Pointing all of this out doesn’t make me a centrist or
moderate in the way I discussed at the beginning. But it does put me in an
uncomfortable place all the same. I get grief from people all the time for
making “both sides” arguments and complaints. So be it.
When I say I’ve never been more politically homeless but
I’ve also never been more ideologically grounded, this is what I mean. Do I
think the median Republican politician is more likely to be right on a given
policy issue? Sure. Though it obviously depends on the specific question. But
do I think Republicans are in any position to righteously lament how crazy the
Democrats are in order to insinuate that the GOP is the party of sanity and
probity? Hell no. And the fact that apologists for the fringe right—or
full-fledged members of it—run Congress and the White House, not to
mention so much of the right-wing media infrastructure, makes finger-pointing
at the “liberal media” or even Zohran Mamdani, AOC, Bernie Sanders et
al.—however awful they might be—seem utterly insincere.
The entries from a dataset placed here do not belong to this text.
Lemma exists_superset_card (A : {set T}) n :
  (#|A| <= n <= #|T|)%N -> exists2 B : {set T}, A \subset B & #|B| = n.
Proof.
move=> /andP[An nT].
have [D DA cardD] : exists2 D : {set T}, D \subset ~: A & #|D| = (#|T| - n)%N.
  by apply: exists_subset_card; rewrite -(cardsC A); lia.
by exists (~: D); [rewrite subsetC | rewrite cardsCs setCK cardD; lia].
Qed.

End CardinalitySelection.

Section MonotoneSetFunction.
Variables (R : numDomainType) (T : finType) (f : {set T} -> R).
Hypothesis f_mono : forall A B : {set T}, A \subset B -> f A <= f B.

Lemma le_max_card k M :
  (k <= #|T|)%N -> (forall B : {set T}, #|B| = k -> f B <= M) ->
  forall A : {set T}, (#|A| <= k)%N -> f A <= M.
Proof.
move=> kT fM A Ak.
have /exists_superset_card[B AB cardB] : (#|A| <= k <= #|T|)%N by rewrite Ak kT.
exact: le_trans (f_mono AB) (fM B cardB).
Qed.

Hypothesis f_subadd : forall A B : {set T}, f (A :|: B) <= f A + f B.

Lemma subadditive_le_cover q M :
  (q <= #|T|)%N -> (forall B : {set T}, #|B| = q -> f B <= M) ->
  forall n (A : {set T}), (#|A| <= n.+1 * q)%N -> f A <= n.+1%:R * M.
Proof.
move=> qT fM; elim=> [|n IHn] A cardA.
  by rewrite mul1r; apply: (le_max_card qT fM); rewrite mul1n in cardA.
have [B BA cardB] := exists_subset_card (geq_minr q #|A|).
rewrite -(setID A B) (setIidPr BA).
apply: le_trans (f_subadd _ _) _; rewrite [n.+2%:R]mulrSr mulrDl mul1r addrC.
apply: lerD; last by apply: (le_max_card qT fM); rewrite cardB geq_minl.
apply: IHn; rewrite cardsD (setIidPr BA) cardB; move: cardA; rewrite mulSn; lia.
Qed.

End MonotoneSetFunction.

Section Expectation.
Variables (R : realFieldType) (V : finType) (E : rel V) (p : V -> V -> R).
Hypothesis p_prob : forall u v, E u v -> 0 <= p u v <= 1.

Lemma prob_outcome_ge0 X : 0 <= prob_outcome E p X.
Proof.
apply: prodr_ge0 => v _; case: ifP => // /subsetP XN.
apply: mulr_ge0; apply: prodr_ge0 => u.
  by move/XN; rewrite inE => /p_prob /andP[].
by rewrite !inE => /andP[_ /p_prob /andP[_]]; rewrite subr_ge0.
Qed.

Lemma ler_expect f g : (forall X, f X <= g X) -> expect E p f <= expect E p g.
Proof. by move=> fg; apply: ler_sum => X _; rewrite ler_wpM2l ?prob_outcome_ge0. Qed.

Lemma expect_ge0 f : (forall X, 0 <= f X) -> 0 <= expect E p f.
Proof. by move=> f0; apply: sumr_ge0 => X _; apply: mulr_ge0 (prob_outcome_ge0 X) (f0 X). Qed.

Lemma expectD f g : expect E p (fun X => f X + g X) = expect E p f + expect E p g.
Proof. by rewrite /expect -big_split; apply: eq_bigr => X _; rewrite mulrDr. Qed.

End Expectation.

Lemma mem_bigcup_seq (T : finType) (J : Type) (r : seq J) (F : J -> {set T}) x :
  (x \in \bigcup_(j <- r) F j) = has (fun j => x \in F j) r.
Proof. by elim: r => [|j r IHr]; rewrite ?big_nil ?big_cons inE // IHr. Qed.

Section Reachability.
Variables (V : finType) (X : outcome V).

Lemma rhoS (A B : {set V}) : A \subset B -> rho X A \subset rho X B.
Proof.
move/subsetP=> AB; apply/subsetP=> v; rewrite !inE => /existsP[a /andP[aA av]].
by apply/existsP; exists a; rewrite AB.
Qed.

Lemma rho0 : rho X set0 = set0.
Proof. by apply/setP=> v; rewrite !inE; apply/existsP=> -[a]; rewrite inE. Qed.

Lemma rhoU (A B : {set V}) : rho X (A :|: B) = rho X A :|: rho X B.
Proof.
apply/setP=> v; rewrite !inE; apply/existsP/orP => [[a /andP[]] | ].
  by rewrite inE => /orP[] aAB av; [left | right]; apply/existsP; exists a; rewrite aAB.
by case=> /existsP[a /andP[aAB av]]; exists a; rewrite inE aAB ?orbT.
Qed.

Variable mu : nat.

Lemma ncamp_le (A : 'I_mu -> {set V}) v : (ncamp X A v <= mu)%N.
Proof. exact: leq_trans (max_card _) (eq_leq (card_ord mu)). Qed.

Lemma in_ncamp_set (A : 'I_mu -> {set V}) v i :
  (i \in [set j | v \in rho X (A j)]) = (v \in rho X (A i)).
Proof. by rewrite [LHS]inE. Qed.

Lemma ncamp_seedsU (A B : 'I_mu -> {set V}) v :
  (forall i, v \notin rho X (B i)) -> ncamp X (fun i => A i :|: B i) v = ncamp X A v.
Proof.
by move=> vB; apply: eq_card => i; rewrite !in_ncamp_set rhoU inE (negbTE (vB i)) orbF.
Qed.

Lemma mem_bigcup_Vj (I : 'I_mu -> {set V}) a b v :
  (v \in \bigcup_(a <= j < b) Vj X I j) = (a <= ncamp X I v < b)%N.
Proof.
rewrite mem_bigcup_seq; apply/hasP/idP => [[j] | vab].
  by rewrite mem_index_iota inE => ? /eqP ->.
by exists (ncamp X I v); rewrite ?mem_index_iota ?inE.
Qed.

End Reachability.

Lemma card_ord_lt mu nu : (nu <= mu)%N -> #|[set i : 'I_mu | (i < nu)%N]| = nu.
Proof.
move=> nu_mu; rewrite -sum1_card (eq_bigl (fun i : 'I_mu => (i < nu)%N)) => [|i].
  by rewrite (big_ord_narrow nu_mu) sum1_card card_ord.
by rewrite inE.
Qed.

Lemma cover_count_bound (R : realFieldType) (eps : R) (k nu : nat) :
  0 <= eps <= 1 -> nu%:R <= k%:R * eps -> (0 < k %/ nu)%N ->
  (1 - eps) * (k %/ (k %/ nu)).+1%:R <= nu.+1%:R.
Proof.
move=> /andP[eps_ge0 eps_le1] nu_keps q_gt0.
have nu_gt0 : (0 < nu)%N by rewrite lt0n; apply: contraTneq q_gt0 => ->; rewrite divn0.
set q := (k %/ nu)%N in q_gt0 *; set n := (k %/ q)%N.
have nq_le : n.+1%:R * q%:R <= k%:R + q%:R :> R.
  by rewrite -natrM -natrD ler_nat mulSnr leq_add2r leq_divM.
have k_le : k%:R <= (q%:R + 1) * nu%:R :> R.
  by rewrite natr1 -natrM ler_nat ltnW // ltn_ceil.
have q_pos : 0 < q%:R :> R by rewrite ltr0n.
rewrite -(ler_pM2r q_pos) -natr1.
have : 0 <= (1 - eps) * (k%:R + q%:R - (n%:R + 1) * q%:R) by apply: mulr_ge0; lra.
have : 0 <= eps * q%:R by apply: mulr_ge0; lra.
nra.
Qed.

Section Objectives.
Variables (R : realFieldType) (V : finType) (E : rel V) (p : V -> V -> R).
Variables (mu nu : nat) (I : 'I_mu -> {set V}).
Hypothesis p_prob : forall u v, E u v -> 0 <= p u v <= 1.
Hypothesis nu_gt0 : (0 < nu)%N.

Definition psi_nodes (X : outcome V) (T : {set V}) : {set V} :=
  (rho X T :&: \bigcup_(1 <= j < nu) Vj X I j) :|: \bigcup_(nu <= j < mu.+1) Vj X I j.

Definition phi_nodes (X : outcome V) (S : {set V * 'I_mu}) : {set V} :=
  [set v | (v \notin Vj X I 0) && (nu <= ncamp X (fun i => I i :|: Scomp S i) v)%N].

Lemma mem_psi_nodes X T v : v \in psi_nodes X T =
  (0 < ncamp X I v)%N && ((v \in rho X T) || (nu <= ncamp X I v)%N).
Proof.
rewrite in_setU in_setI !mem_bigcup_Vj ltnS ncamp_le andbT.
case: (ltnP (ncamp X I v) nu) => [c_nu | nu_c]; first by rewrite andbT !orbF andbC.
by rewrite !orbT andbT (leq_trans nu_gt0 nu_c).
Qed.

Lemma mem_phi_nodes X S v : v \in phi_nodes X S =
  (0 < ncamp X I v)%N && (nu <= ncamp X (fun i => I i :|: Scomp S i) v)%N.
Proof. by rewrite !inE lt0n. Qed.

Lemma psi_nodesS X (A B : {set V}) : A \subset B -> psi_nodes X A \subset psi_nodes X B.
Proof. by move=> AB; apply/setSU/setSI/rhoS. Qed.

Lemma psi_nodesU X (A B : {set V}) :
  psi_nodes X (A :|: B) = psi_nodes X A :|: psi_nodes X B.
Proof. by rewrite /psi_nodes rhoU setIUl setUACA setUid. Qed.

Lemma PsiE (T : {set V}) :
  Psi E p nu I T = expect E p (fun X => #|psi_nodes X T|%:R).
Proof. by []. Qed.

Lemma PhiGe1E (S : {set V * 'I_mu}) :
  PhiGe1 E p nu I S = expect E p (fun X => #|phi_nodes X S|%:R).
Proof. by []. Qed.

Lemma PsiS (A B : {set V}) : A \subset B -> Psi E p nu I A <= Psi E p nu I B.
Proof.
move=> AB; rewrite !PsiE; apply: ler_expect => // X; rewrite ler_nat.
exact/subset_leq_card/psi_nodesS.
Qed.

Lemma Psi_ge0 (A : {set V}) : 0 <= Psi E p nu I A.
Proof. exact: expect_ge0. Qed.

Lemma Psi_subadd (A B : {set V}) :
  Psi E p nu I (A :|: B) <= Psi E p nu I A + Psi E p nu I B.
Proof.
rewrite !PsiE -expectD; apply: ler_expect => // X; rewrite -natrD ler_nat.
by rewrite psi_nodesU leq_card_setU.
Qed.

Lemma phi_nodes_sub_psi_nodes X S :
  phi_nodes X S \subset psi_nodes X [set vi.1 | vi in S].
Proof.
apply/subsetP=> v; rewrite mem_phi_nodes mem_psi_nodes => /andP[-> nu_c] /=.
have [//|v_notin] := boolP (v \in rho X _).
rewrite -(ncamp_seedsU _ (B := Scomp S)) // => i.
apply: contra v_notin; apply/subsetP/rhoS/subsetP=> x; rewrite inE => xi.
by apply/imsetP; exists (x, i).
Qed.

Lemma PhiGe1_le_Psi S : PhiGe1 E p nu I S <= Psi E p nu I [set vi.1 | vi in S].
Proof.
rewrite PhiGe1E PsiE; apply: ler_expect => // X; rewrite ler_nat.
exact/subset_leq_card/phi_nodes_sub_psi_nodes.
Qed.

Definition replicate_seeds (T : {set V}) : {set V * 'I_mu} :=
  [set vj : V * 'I_mu | (vj.1 \in T) && (vj.2 < nu)%N].

Lemma Scomp_replicate T i :
  Scomp (replicate_seeds T) i = if (i < nu)%N then T else set0.
Proof. by apply/setP=> x; rewrite !inE /=; case: ifP; rewrite ?andbT ?andbF ?inE. Qed.

Hypothesis nu_le_mu : (nu <= mu)%N.

Lemma card_replicate_seeds T : #|replicate_seeds T| = (#|T| * nu)%N.
Proof.
have -> : replicate_seeds T = setX T [set i : 'I_mu | (i < nu)%N].
  by apply/setP=> -[v i]; rewrite !inE.
by rewrite cardsX card_ord_lt.
Qed.

Lemma phi_nodes_replicate X T : phi_nodes X (replicate_seeds T) = psi_nodes X T.
Proof.
apply/setP=> v; rewrite mem_phi_nodes mem_psi_nodes.
have [vT | v_notin] /= := boolP (v \in rho X T).
  rewrite -{1}(card_ord_lt nu_le_mu); congr andb; apply/subset_leq_card/subsetP=> i.
  by rewrite inE in_ncamp_set Scomp_replicate => ->; rewrite rhoU inE vT orbT.
rewrite ncamp_seedsU // => i.
by rewrite Scomp_replicate; case: ifP => // _; rewrite rho0 inE.
Qed.

Lemma PhiGe1_replicate T : PhiGe1 E p nu I (replicate_seeds T) = Psi E p nu I T.
Proof.
by rewrite PhiGe1E PsiE /expect; apply: eq_bigr => X _; rewrite phi_nodes_replicate.
Qed.

Lemma PhiGe1_le_Psi_max k (Tk : {set V}) (S : {set V * 'I_mu}) :
  #|Tk| = k -> (forall T : {set V}, #|T| = k -> Psi E p nu I T <= Psi E p nu I Tk) ->
  (#|S| <= k)%N -> PhiGe1 E p nu I S <= Psi E p nu I Tk.
Proof.
move=> cardTk Tk_max cardS; apply: le_trans (PhiGe1_le_Psi S) _.
apply: (le_max_card PsiS _ Tk_max); first by rewrite -cardTk max_card.
exact: leq_trans (leq_imset_card _ _) cardS.
Qed.

Lemma Psi_max_div_nu (eps : R) k (Tk Tkn : {set V}) :
  (0 < k)%N -> 0 < eps -> nu%:R / eps <= k%:R ->
  #|Tk| = k -> #|Tkn| = (k %/ nu)%N ->
  (forall T : {set V}, #|T| = (k %/ nu)%N -> Psi E p nu I T <= Psi E p nu I Tkn) ->
  (1 - eps) / nu.+1%:R * Psi E p nu I Tk <= Psi E p nu I Tkn.
Proof.
move=> k_gt0 eps_gt0 nu_k cardTk cardTkn Tkn_max.
have P_ge0 := Psi_ge0 Tk; have M_ge0 := Psi_ge0 Tkn.
have nu1_gt0 : 0 < nu.+1%:R :> R by rewrite ltr0n.
have [eps_ge1 | eps_lt1] := lerP 1 eps.
  apply: le_trans M_ge0; apply: mulr_le0_ge0 P_ge0.
  by apply: mulr_le0_ge0; [lra | rewrite invr_ge0 ltW].
have nu_keps : nu%:R <= k%:R * eps by rewrite -ler_pdivrMr.
have q_gt0 : (0 < k %/ nu)%N.
  rewrite divn_gt0 // -(ler_nat R); apply: (le_trans nu_keps).
  by rewrite ler_piMr ?ler0n ?ltW.
set n := (k %/ (k %/ nu))%N.
have cover : Psi E p nu I Tk <= n.+1%:R * Psi E p nu I Tkn.
  apply: (subadditive_le_cover PsiS Psi_subadd _ Tkn_max); first by rewrite -cardTkn max_card.
  by rewrite cardTk ltnW // ltn_ceil.
have count : (1 - eps) * n.+1%:R <= nu.+1%:R.
  by apply: cover_count_bound nu_keps q_gt0; rewrite (ltW eps_gt0) (ltW eps_lt1).
rewrite mulrAC ler_pdivrMr //; nra.
Qed.

End Objectives.

Theorem mainTheorem12 (R : realFieldType) (V : finType) (E : rel V)
  (p : V -> V -> R) (mu nu : nat) (I : 'I_mu -> {set V}) (k : nat) :
  (2 <= nu)%N -> (nu <= mu)%N -> (2 <= k)%N ->
  (forall u v, E u v -> 0 <= p u v <= 1) ->
  (* (1) *)
  (forall (Tk : {set V}) (Sk : {set V * 'I_mu}),
     #|Tk| = k ->
     (forall T' : {set V}, #|T'| = k -> Psi E p nu I T' <= Psi E p nu I Tk) ->
     #|Sk| = k ->
     (forall S' : {set V * 'I_mu}, #|S'| = k ->
        PhiGe1 E p nu I S' <= PhiGe1 E p nu I Sk) ->
     PhiGe1 E p nu I Sk <= Psi E p nu I Tk)
  /\
  (* (2) *)
  (forall (eps : R), 0 < eps -> nu%:R / eps <= k%:R ->
   forall (Tk Tkn : {set V}),
     #|Tk| = k ->
     (forall T' : {set V}, #|T'| = k -> Psi E p nu I T' <= Psi E p nu I Tk) ->
     #|Tkn| = (k %/ nu)%N ->
     (forall T' : {set V}, #|T'| = (k %/ nu)%N ->
        Psi E p nu I T' <= Psi E p nu I Tkn) ->
     (1 - eps) / (nu.+1)%:R * Psi E p nu I Tk <= Psi E p nu I Tkn)
  /\
  (* (3) *)
  (forall T : {set V}, #|T| = (k %/ nu)%N ->
     let S' := [set vj : V * 'I_mu | (vj.1 \in T) && (vj.2 < nu)%N] in
     (#|S'| <= k)%N /\ PhiGe1 E p nu I S' = Psi E p nu I T).
Proof.
move=> nu_ge2 nu_le_mu k_ge2 p_prob.
have nu_gt0 : (0 < nu)%N by apply: ltnW.
split; [|split].
- move=> Tk Sk cardTk Tk_max cardSk _.
  by apply: (PhiGe1_le_Psi_max p_prob nu_gt0 cardTk Tk_max); rewrite cardSk.
- move=> eps eps_gt0 nu_k Tk Tkn cardTk _ cardTkn Tkn_max.
  exact: (Psi_max_div_nu p_prob nu_gt0 (ltnW k_ge2) eps_gt0 nu_k cardTk cardTkn Tkn_max).
- move=> T cardT; split; last exact: PhiGe1_replicate.
  by rewrite card_replicate_seeds // cardT leq_divM.
Qed.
But I don’t think it’s insincere, at least not in many
cases. Fish don’t know they are wet. And people inside partisan bubbles have
trouble seeing what is obvious to those outside of them.
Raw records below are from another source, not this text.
(* Let $A\in\mathbb{R}^{n\times n}$ be symmetric positive definite, $b\in\mathbb{R}^n$, $B>0$, $L=\lambda_{\max}(A)$. For $y\in\mathbb{R}^n$ and $0<\eta\le 1/n$, define the threshold loop $\theta_0=0$, $\theta_{t+1}=\theta_t+\eta\big[\|\mathcal S_{\theta_t}(y)\|_1-B\big]_+$, where $\mathcal S_\theta(y)$ is computed by the two-layer ReLU network $W_2\,\mathrm{ReLU}(W_1y-\theta[\mathbf 1_n;\mathbf 1_n])$ with $W_1=\begin{bmatrix}I_n\\-I_n\end{bmatrix}$, $W_2=[I_n\ \ -I_n]$. Then $\theta_t$ converges to some $\theta^\star\ge0$ and $\mathcal S_{\theta^\star}(y)=\operatorname{Proj}_{\{\|x\|_1\le B\}}(y)$ is the exact Euclidean projection of $y$ onto the $\ell_1$-ball of radius $B$. Consequently, a gradient step $y_k=x_k-\gamma(Ax_k+b)$ followed by this loop yields $x_{k+1}=\operatorname{Proj}_{\{\|x\|_1\le B\}}\big(x_k-\gamma(Ax_k+b)\big)$, and if $0<\gamma\le1/L$, the iterates $x_k$ converge to an optimal solution of $\min_x \tfrac12x^\top Ax+b^\top x$ subject to $\|x\|_1\le B$.
   Context: $\mathcal S_\theta(y)=\operatorname{sign}(y)\odot(|y|-\theta)_+$ is coordinatewise soft-thresholding; $[u]_+=\max\{u,0\}$; $\mathrm{ReLU}$ is applied elementwise; $\mathbf 1_n$ is the all-ones vector; $\operatorname{Proj}_{\{\|x\|_1\le B\}}$ denotes Euclidean projection onto $\{x:\|x\|_1\le B\}$. *)

From HB Require Import structures.
From mathcomp Require Import all_boot all_order all_algebra.
From mathcomp Require Import all_classical all_reals all_analysis.
Set Implicit Arguments. Unset Strict Implicit. Unset Printing Implicit Defensive.
Import Order.TTheory GRing.Theory Num.Theory.
Import numFieldNormedType.Exports.
Local Open Scope ring_scope.

Section Defs.
Variables (R : realType) (n : nat).

Definition l1norm (x : 'cV[R]_n) : R := \sum_(i < n) `|x i 0|.
Definition sqnorm2 (x : 'cV[R]_n) : R := \sum_(i < n) (x i 0) ^+ 2.

Definition soft (theta : R) (y : 'cV[R]_n) : 'cV[R]_n :=
  \col_i (Num.sg (y i 0) * Num.max (`|y i 0| - theta) 0).

Definition relu m (v : 'cV[R]_m) : 'cV[R]_m := map_mx (fun z => Num.max z 0) v.
Definition W1 : 'M[R]_(n + n, n) := col_mx 1%:M (- 1%:M).
Definition W2 : 'M[R]_(n, n + n) := row_mx 1%:M (- 1%:M).
Definition net (theta : R) (y : 'cV[R]_n) : 'cV[R]_n :=
  W2 *m relu (W1 *m y - theta *: const_mx 1).

Fixpoint theta_seq (eta B : R) (y : 'cV[R]_n) (t : nat) : R :=
  match t with
  | 0 => 0
  | t'.+1 => theta_seq eta B y t' +
             eta * Num.max (l1norm (net (theta_seq eta B y t') y) - B) 0
  end.

Definition is_l1ball_proj (B : R) (y p : 'cV[R]_n) : Prop :=
  l1norm p <= B /\
  forall x : 'cV[R]_n, l1norm x <= B -> sqnorm2 (p - y) <= sqnorm2 (x - y).

Definition spd (A : 'M[R]_n) : Prop :=
  A^T = A /\ forall v : 'cV[R]_n, v != 0 -> 0 < (v^T *m A *m v) 0 0.

Definition is_lambda_max (A : 'M[R]_n) (L : R) : Prop :=
  eigenvalue A L /\ forall a, eigenvalue A a -> a <= L.

Definition quad_obj (A : 'M[R]_n) (b : 'cV[R]_n) (x : 'cV[R]_n) : R :=
  2^-1 * (x^T *m A *m x) 0 0 + (b^T *m x) 0 0.

Definition is_optimal (A : 'M[R]_n) (b : 'cV[R]_n) (B : R) (xs : 'cV[R]_n) : Prop :=
  l1norm xs <= B /\
  forall x : 'cV[R]_n, l1norm x <= B -> quad_obj A b xs <= quad_obj A b x.

End Defs.

(* The network computes soft-thresholding S_theta coordinatewise.  For theta >= 0,
   a coordinatewise inequality shows that S_theta(y) is the projection of y onto
   the l1-ball as soon as ||S_theta y||_1 <= B and theta (||S_theta y||_1 - B) = 0.
   The map theta |-> ||S_theta y||_1 is nonincreasing and n-Lipschitz, so with
   eta <= 1/n the threshold loop increases without ever pushing ||S_theta y||_1
   below B; it is bounded, and its limit satisfies that complementary slackness.
   For the outer iteration, a minimiser over the (compact) ball exists and is a
   fixed point of the projected gradient map.  The extremes m > 0 and M of the
   Rayleigh quotient of A are attained on the unit sphere, and M is an eigenvalue,
   hence M <= L; so the gradient step is a (1 - gamma m)-contraction in squared
   norm, the projection is nonexpansive, and the iterates converge geometrically. *)

From HB Require Import structures.
From mathcomp Require Import all_boot all_order all_algebra.
From mathcomp Require Import all_classical all_reals all_analysis.
From mathcomp Require Import ring lra.
Import Order.TTheory GRing.Theory Num.Theory.
Import numFieldNormedType.Exports.
Local Open Scope classical_set_scope.
Local Open Scope ring_scope.
Set Implicit Arguments. Unset Strict Implicit.

Section InnerProduct.
Variables (R : realType) (n : nat).
Implicit Types (a t : R) (u v w : 'cV[R]_n) (A : 'M[R]_n).

Definition dot u v : R := \sum_(i < n) u i 0 * v i 0.

Definition qf A v : R := dot v (A *m v).

Lemma dotC u v : dot u v = dot v u.
Proof. by apply: eq_bigr => i _; rewrite mulrC. Qed.

Lemma dotDl u v w : dot (u + v) w = dot u w + dot v w.
Proof. by rewrite /dot -big_split; apply: eq_bigr => i _; rewrite !mxE mulrDl. Qed.

Lemma dotDr u v w : dot w (u + v) = dot w u + dot w v.
Proof. by rewrite dotC dotDl !(dotC w). Qed.

Lemma dotZl a u v : dot (a *: u) v = a * dot u v.
Proof. by rewrite /dot mulr_sumr; apply: eq_bigr => i _; rewrite !mxE mulrA. Qed.

Lemma dotZr a u v : dot v (a *: u) = a * dot v u.
Proof. by rewrite dotC dotZl dotC. Qed.

Lemma dotNl u v : dot (- u) v = - dot u v.
Proof. by rewrite -scaleN1r dotZl mulN1r. Qed.

Lemma dotNr u v : dot v (- u) = - dot v u.
Proof. by rewrite dotC dotNl dotC. Qed.

Lemma dotBl u v w : dot (u - v) w = dot u w - dot v w.
Proof. by rewrite dotDl dotNl. Qed.

Lemma dotBr u v w : dot w (u - v) = dot w u - dot w v.
Proof. by rewrite dotDr dotNr. Qed.

Lemma dot0l v : dot 0 v = 0.
Proof. by rewrite -(scale0r 0) dotZl mul0r. Qed.

Lemma dot_mulmxr A u v : dot u (A *m v) = dot (A^T *m u) v.
Proof.
rewrite /dot; under eq_bigr => i _ do rewrite mxE mulr_sumr.
rewrite exchange_big /=; apply: eq_bigr => j _; rewrite mxE mulr_suml.
by apply: eq_bigr => i _; rewrite !mxE mulrCA mulrA.
Qed.

Lemma dot_sym_mulmx A u v : A^T = A -> dot u (A *m v) = dot v (A *m u).
Proof. by move=> symA; rewrite dot_mulmxr symA dotC. Qed.

Lemma sqnormE v : sqnorm2 v = dot v v.
Proof. by apply: eq_bigr => i _; rewrite expr2. Qed.

Lemma sqnorm_ge0 v : 0 <= sqnorm2 v.
Proof. by apply: sumr_ge0 => i _; rewrite sqr_ge0. Qed.

Lemma sqnorm_eq0 v : (sqnorm2 v == 0) = (v == 0).
Proof.
apply/idP/eqP => [|->]; last by rewrite sqnormE dot0l.
move/eqP/(psumr_eq0P (fun i _ => sqr_ge0 (v i 0))) => v0.
by apply/matrixP => i j; rewrite (ord1 j) mxE; apply/eqP; rewrite -sqrf_eq0 v0.
Qed.

Lemma sqnorm_gt0 v : (0 < sqnorm2 v) = (v != 0).
Proof. by rewrite lt_def sqnorm_eq0 sqnorm_ge0 andbT. Qed.

Lemma sqnormD u v : sqnorm2 (u + v) = sqnorm2 u + 2 * dot u v + sqnorm2 v.
Proof. rewrite !sqnormE dotDl !dotDr (dotC v u); ring. Qed.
It’s not just that I’m disgusted with the ideological
fringes on both sides, I’m frustrated to the point of being frequently appalled
by the inability or unwillingness of the non-fringers in both parties to
acknowledge the obvious truth as seen from outside the fishbowl. This puts me
in an uncomfortable middle, or muddle.
In formal logic, the law of the excluded middle says that
a proposition is either true or not true. In law, the jury either finds the
defendant guilty or not guilty, but there’s no third option. In science, the
object is either alive or dead, the light bulb is either on or off. This is how
I often think about policy stuff.
But the law of the excluded middle doesn’t apply to
politics, despite all of the “binary choice!” dogmatism we’ve been drenched in.
If one party sucks, that doesn’t mean the other doesn’t. A stunning number of
people really struggle to understand this, which is why all of those cliches
about the most dangerous place to be is the “middle of the road”—because that’s
where you get run over by cars on your right and left. But I guess I’m with
Dwight Eisenhower, who was called a moron by the left and a secret communist by
the fringe right. “People talk about the middle of the road as though it were
unacceptable,” he said. “The middle of the road is all of the usable surface.
The extremes, right and left, are in the gutters.”